§ EXERCISE OBJECTIVE
Set down the full listing that follows, word for word.

*** Opening PROVIDED INFORMATION ***

Theorem sublinear_separation x0 : (0 < h x0)%E -> exists c : X -> R,
  [/\ linear_form c, continuous c, forall x, ((c x)%:E <= h x)%E & 0 < c x0].
Proof.
move=> hx0.
have [a a0 ax0] : exists2 a : R, 0 < a & (a%:E < h x0)%E.
  move: hx0; case: (h x0) => [r| |] // => [r0|_]; last by exists 1 => //; exact: ltry.
  by exists (r / 2); move: r0; rewrite !lte_fin => r0; rewrite ?divr_gt0 //; lra.
have [D [Dconvex [W W0 WD] x0D sublevelD]] := separating_convex_set a0 ax0.
have D0 : D 0 by apply: WD; apply: nbhs_singleton.
have Dabsorbing x : exists2 t : R, 0 < t & D (t *: x).
  by have [t /andP [t0 _] Wt] := nbhs0_absorbing x W0; exists t => //; exact: WD.
have [f [fL fp fx0]] :=
  @hahn_banach _ _ (gauge D) (gaugeZ Dabsorbing) (gaugeD Dconvex Dabsorbing) x0.
have fle1 z : D z -> f z <= 1 by move=> Dz; apply: le_trans (fp z) (gauge_le1 _ Dz).
exists (fun x => a * f x); split.
- by move=> b x y; rewrite fL; ring.
- move=> x; apply: cvgMl_tmp; apply: linear_form_continuous fL W0 _ x.
  by move=> v Wv; apply: fle1; exact: WD.
- by apply: le_sublevel_minorant fL a0 _ => y /sublevelD /fle1.
- rewrite fx0 mulr_gt0 // (lt_le_trans ltr01) //.
  exact: gauge_ge1 Dconvex D0 Dabsorbing _ x0D.
Qed.

End sublinear_separation.

Lemma homogeneous_lsc0 {R : realType} {X : tvsType R} {g : X -> \bar R} :
  proper_fun g -> lower_semicontinuous g ->
  (forall (t : R) x, 0 < t -> g (t *: x) = (t%:E * g x)%E) -> g 0 = 0%E.
Proof.
move=> [g_nNy [v0 gv0]] g_lsc gZ.
have g0 : g 0%R = (2%:E * g 0%R)%E by rewrite -gZ ?scaler0 ?ltr0n.
case E0 : (g 0%R) g0 => [r| |] g0; last by have := g_nNy 0%R; rewrite E0.
  by move: g0; rewrite -EFinM => -[] r0; rewrite (_ : r = 0) //; lra.
have [r Ev] : exists r, g v0 = r%:E.
  by move: gv0 (g_nNy v0); case: (g v0) => [r| |] //; exists r.
(* g 0 = +oo, yet g (t *: v0) = t * r stays below |r| + 1 for 0 < t <= 1 *)
have := g_lsc 0%R (`|r| + 1); rewrite E0 => /(_ (ltry _)) [U U0 hU].
have [t /andP [t0 t1] Ut] := nbhs0_absorbing v0 U0.
have tr : t * r < `|r| + 1.
  by clear -t0 t1; have := ler_norm r; have := normr_ge0 r; nra.
by have := hU _ Ut; rewrite gZ // Ev -EFinM lte_fin => /(lt_trans tr); rewrite ltxx.
Qed.

Section dual_space.
Context {R : realType} {V : preTopologicalLmodType R}.

Lemma dual_linear_form {f : V -> R} : dual f -> linear_form f.
Proof. by case. Qed.

Lemma dual0 : dual (fun _ : V => 0).
Proof. by split => [a x y|x]; [rewrite mulr0 addr0 | exact: cvg_cst]. Qed.

Lemma dualD {f h : V -> R} : dual f -> dual h -> dual (fun v => f v + h v).
Proof.
move=> [fL fc] [hL hc]; split => [a x y|x]; first by rewrite fL hL; ring.
by apply: cvgD; [exact: fc | exact: hc].
Qed.

Lemma dualZ (t : R) {f : V -> R} : dual f -> dual (fun v => t * f v).
Proof.
move=> [fL fc]; split => [a x y|x]; first by rewrite fL; ring.
by apply: cvgMl_tmp; exact: fc.
Qed.

Lemma dualB {f h : V -> R} : dual f -> dual h -> dual (fun v => f v - h v).
Proof.
move=> fd hd; have := dualD fd (dualZ (-1) hd).
by congr dual; apply/funext => v; rewrite mulN1r.
Qed.

Lemma dual_comp {W : preTopologicalLmodType R} {q : V -> W} {f : W -> R} :
  is_linear q -> continuous q -> dual f -> dual (f \o q).
Proof.
move=> qL qc [fL fc]; split => [a x y|x] /=; first by rewrite qL fL.
by apply: continuous_comp; [exact: qc | exact: fc].
Qed.

End dual_space.

Section cone.
Context {R : realType} {V : preTopologicalLmodType R}.

Lemma subdiff0_dual (k : V -> \bar R) : subdiff0 k `<=` @dual R V.
Proof. by move=> f []. Qed.

Lemma cone_at_dual {B : set (V -> R)} {b} :
  B `<=` @dual R V -> dual b -> cone_at B b `<=` @dual R V.
Proof.
by move=> Bd bd f [t [c [t0 [Bc ->]]]]; apply: dualZ; exact: dualB (Bd _ Bc) bd.
Qed.

Lemma sub_wclosure (S : set (V -> R)) : S `<=` @dual R V -> S `<=` wclosure S.
Proof.
move=> Sd f Sf; split => [|s e e0]; first exact: Sd.
by exists f => // v _; rewrite subrr normr0.
Qed.

End cone.

Lemma lsc_subr_continuous {R : realType} {T : topologicalType}
    (g : T -> \bar R) (f : T -> R) : lower_semicontinuous g -> continuous f ->
  lower_semicontinuous (fun x => (g x - (f x)%:E)%E).
Proof.
move=> g_lsc fc x a hax.
have [e e0 hx] : exists2 e : R, 0 < e & ((a + f x + e)%:E < g x)%E.
  move: hax; case: (g x) => [r| |] //= => [|_]; last by exists 1 => //; exact: ltry.
  by rewrite lte_fin => r0; exists ((r - f x - a) / 2); rewrite ?lte_fin; lra.
have [U Ux hU] := g_lsc _ _ hx.
have fx : \forall y \near x, `|f x - f y| < e by move/cvgrPdist_lt: (fc x); apply.
exists (U `&` [set y | `|f x - f y| < e]); first exact: filterI.
move=> y [Uy]; rewrite /= ltr_norml => /andP[f1 f2]; have := hU _ Uy.
case: (g y) => [r| |] //= => [|_]; last by rewrite addye ?ltry.
by rewrite -EFinD !lte_fin => hr; lra.
Qed.

Definition tilt {R : realType} {V : lmodType R} (g : V -> \bar R) (xs : V -> R)
  (x : V) : \bar R := (g x - (xs x)%:E)%E.

Lemma tilt_le {R : realType} {V : lmodType R} (g : V -> \bar R) (xs : V -> R) a x :
  ((a%:E <= tilt g xs x) = ((a + xs x)%:E <= g x))%E.
Proof. by rewrite /tilt leeBrDr. Qed.

Section tilt.
Context {R : realType} {X : tvsType R} {g : X -> \bar R} {xs : X -> R}.
Hypothesis g_proper : proper_fun g.
Hypothesis g_lsc : lower_semicontinuous g.
Hypothesis g_sub : sublinear g.
Hypothesis xs_sub : subdiff0 g xs.

Let xsL : linear_form xs := dual_linear_form xs_sub.1.

Lemma tilt_ge0 x : (0 <= tilt g xs x)%E.
Proof. by rewrite /tilt suber_ge0 //; exact: xs_sub.2. Qed.

Lemma tilt0 : tilt g xs 0 = 0%E.
Proof.
by rewrite /tilt (homogeneous_lsc0 g_proper g_lsc g_sub.1) linear_form0 // sube0.
Qed.

Lemma tiltZ (t : R) x : 0 < t -> tilt g xs (t *: x) = (t%:E * tilt g xs x)%E.
Proof.
move=> t0; rewrite /tilt g_sub.1 // linear_formZ // EFinM muleBr //.
exact: fin_num_adde_defl.
Qed.

Lemma tiltD x y : (tilt g xs (x + y) <= tilt g xs x + tilt g xs y)%E.
Proof.
rewrite /tilt linear_formD // EFinD oppeD ?fin_num_adde_defl // addeACA.
exact: leeD (g_sub.2 x y) (lexx _).
Qed.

*** Closing PROVIDED INFORMATION ***

§ RESPONSE TO THIS TASK
Theorem sublinear_separation x0 : (0 < h x0)%E -> exists c : X -> R,
  [/\ linear_form c, continuous c, forall x, ((c x)%:E <= h x)%E & 0 < c x0].
Proof.
move=> hx0.
have [a a0 ax0] : exists2 a : R, 0 < a & (a%:E < h x0)%E.
  move: hx0; case: (h x0) => [r| |] // => [r0|_]; last by exists 1 => //; exact: ltry.
  by exists (r / 2); move: r0; rewrite !lte_fin => r0; rewrite ?divr_gt0 //; lra.
have [D [Dconvex [W W0 WD] x0D sublevelD]] := separating_convex_set a0 ax0.
have D0 : D 0 by apply: WD; apply: nbhs_singleton.
have Dabsorbing x : exists2 t : R, 0 < t & D (t *: x).
  by have [t /andP [t0 _] Wt] := nbhs0_absorbing x W0; exists t => //; exact: WD.
have [f [fL fp fx0]] :=
  @hahn_banach _ _ (gauge D) (gaugeZ Dabsorbing) (gaugeD Dconvex Dabsorbing) x0.
have fle1 z : D z -> f z <= 1 by move=> Dz; apply: le_trans (fp z) (gauge_le1 _ Dz).
exists (fun x => a * f x); split.
- by move=> b x y; rewrite fL; ring.
- move=> x; apply: cvgMl_tmp; apply: linear_form_continuous fL W0 _ x.
  by move=> v Wv; apply: fle1; exact: WD.
- by apply: le_sublevel_minorant fL a0 _ => y /sublevelD /fle1.
- rewrite fx0 mulr_gt0 // (lt_le_trans ltr01) //.
  exact: gauge_ge1 Dconvex D0 Dabsorbing _ x0D.
Qed.

End sublinear_separation.

Lemma homogeneous_lsc0 {R : realType} {X : tvsType R} {g : X -> \bar R} :
  proper_fun g -> lower_semicontinuous g ->
  (forall (t : R) x, 0 < t -> g (t *: x) = (t%:E * g x)%E) -> g 0 = 0%E.
Proof.
move=> [g_nNy [v0 gv0]] g_lsc gZ.
have g0 : g 0%R = (2%:E * g 0%R)%E by rewrite -gZ ?scaler0 ?ltr0n.
case E0 : (g 0%R) g0 => [r| |] g0; last by have := g_nNy 0%R; rewrite E0.
  by move: g0; rewrite -EFinM => -[] r0; rewrite (_ : r = 0) //; lra.
have [r Ev] : exists r, g v0 = r%:E.
  by move: gv0 (g_nNy v0); case: (g v0) => [r| |] //; exists r.
(* g 0 = +oo, yet g (t *: v0) = t * r stays below |r| + 1 for 0 < t <= 1 *)
have := g_lsc 0%R (`|r| + 1); rewrite E0 => /(_ (ltry _)) [U U0 hU].
have [t /andP [t0 t1] Ut] := nbhs0_absorbing v0 U0.
have tr : t * r < `|r| + 1.
  by clear -t0 t1; have := ler_norm r; have := normr_ge0 r; nra.
by have := hU _ Ut; rewrite gZ // Ev -EFinM lte_fin => /(lt_trans tr); rewrite ltxx.
Qed.

Section dual_space.
Context {R : realType} {V : preTopologicalLmodType R}.

Lemma dual_linear_form {f : V -> R} : dual f -> linear_form f.
Proof. by case. Qed.

Lemma dual0 : dual (fun _ : V => 0).
Proof. by split => [a x y|x]; [rewrite mulr0 addr0 | exact: cvg_cst]. Qed.

Lemma dualD {f h : V -> R} : dual f -> dual h -> dual (fun v => f v + h v).
Proof.
move=> [fL fc] [hL hc]; split => [a x y|x]; first by rewrite fL hL; ring.
by apply: cvgD; [exact: fc | exact: hc].
Qed.

Lemma dualZ (t : R) {f : V -> R} : dual f -> dual (fun v => t * f v).
Proof.
move=> [fL fc]; split => [a x y|x]; first by rewrite fL; ring.
by apply: cvgMl_tmp; exact: fc.
Qed.

Lemma dualB {f h : V -> R} : dual f -> dual h -> dual (fun v => f v - h v).
Proof.
move=> fd hd; have := dualD fd (dualZ (-1) hd).
by congr dual; apply/funext => v; rewrite mulN1r.
Qed.

Lemma dual_comp {W : preTopologicalLmodType R} {q : V -> W} {f : W -> R} :
  is_linear q -> continuous q -> dual f -> dual (f \o q).
Proof.
move=> qL qc [fL fc]; split => [a x y|x] /=; first by rewrite qL fL.
by apply: continuous_comp; [exact: qc | exact: fc].
Qed.

End dual_space.

Section cone.
Context {R : realType} {V : preTopologicalLmodType R}.

Lemma subdiff0_dual (k : V -> \bar R) : subdiff0 k `<=` @dual R V.
Proof. by move=> f []. Qed.

Lemma cone_at_dual {B : set (V -> R)} {b} :
  B `<=` @dual R V -> dual b -> cone_at B b `<=` @dual R V.
Proof.
by move=> Bd bd f [t [c [t0 [Bc ->]]]]; apply: dualZ; exact: dualB (Bd _ Bc) bd.
Qed.

Lemma sub_wclosure (S : set (V -> R)) : S `<=` @dual R V -> S `<=` wclosure S.
Proof.
move=> Sd f Sf; split => [|s e e0]; first exact: Sd.
by exists f => // v _; rewrite subrr normr0.
Qed.

End cone.

Lemma lsc_subr_continuous {R : realType} {T : topologicalType}
    (g : T -> \bar R) (f : T -> R) : lower_semicontinuous g -> continuous f ->
  lower_semicontinuous (fun x => (g x - (f x)%:E)%E).
Proof.
move=> g_lsc fc x a hax.
have [e e0 hx] : exists2 e : R, 0 < e & ((a + f x + e)%:E < g x)%E.
  move: hax; case: (g x) => [r| |] //= => [|_]; last by exists 1 => //; exact: ltry.
  by rewrite lte_fin => r0; exists ((r - f x - a) / 2); rewrite ?lte_fin; lra.
have [U Ux hU] := g_lsc _ _ hx.
have fx : \forall y \near x, `|f x - f y| < e by move/cvgrPdist_lt: (fc x); apply.
exists (U `&` [set y | `|f x - f y| < e]); first exact: filterI.
move=> y [Uy]; rewrite /= ltr_norml => /andP[f1 f2]; have := hU _ Uy.
case: (g y) => [r| |] //= => [|_]; last by rewrite addye ?ltry.
by rewrite -EFinD !lte_fin => hr; lra.
Qed.

Definition tilt {R : realType} {V : lmodType R} (g : V -> \bar R) (xs : V -> R)
  (x : V) : \bar R := (g x - (xs x)%:E)%E.

Lemma tilt_le {R : realType} {V : lmodType R} (g : V -> \bar R) (xs : V -> R) a x :
  ((a%:E <= tilt g xs x) = ((a + xs x)%:E <= g x))%E.
Proof. by rewrite /tilt leeBrDr. Qed.

Section tilt.
Context {R : realType} {X : tvsType R} {g : X -> \bar R} {xs : X -> R}.
Hypothesis g_proper : proper_fun g.
Hypothesis g_lsc : lower_semicontinuous g.
Hypothesis g_sub : sublinear g.
Hypothesis xs_sub : subdiff0 g xs.

Let xsL : linear_form xs := dual_linear_form xs_sub.1.

Lemma tilt_ge0 x : (0 <= tilt g xs x)%E.
Proof. by rewrite /tilt suber_ge0 //; exact: xs_sub.2. Qed.

Lemma tilt0 : tilt g xs 0 = 0%E.
Proof.
by rewrite /tilt (homogeneous_lsc0 g_proper g_lsc g_sub.1) linear_form0 // sube0.
Qed.

Lemma tiltZ (t : R) x : 0 < t -> tilt g xs (t *: x) = (t%:E * tilt g xs x)%E.
Proof.
move=> t0; rewrite /tilt g_sub.1 // linear_formZ // EFinM muleBr //.
exact: fin_num_adde_defl.
Qed.

Lemma tiltD x y : (tilt g xs (x + y) <= tilt g xs x + tilt g xs y)%E.
Proof.
rewrite /tilt linear_formD // EFinD oppeD ?fin_num_adde_defl // addeACA.
exact: leeD (g_sub.2 x y) (lexx _).
Qed.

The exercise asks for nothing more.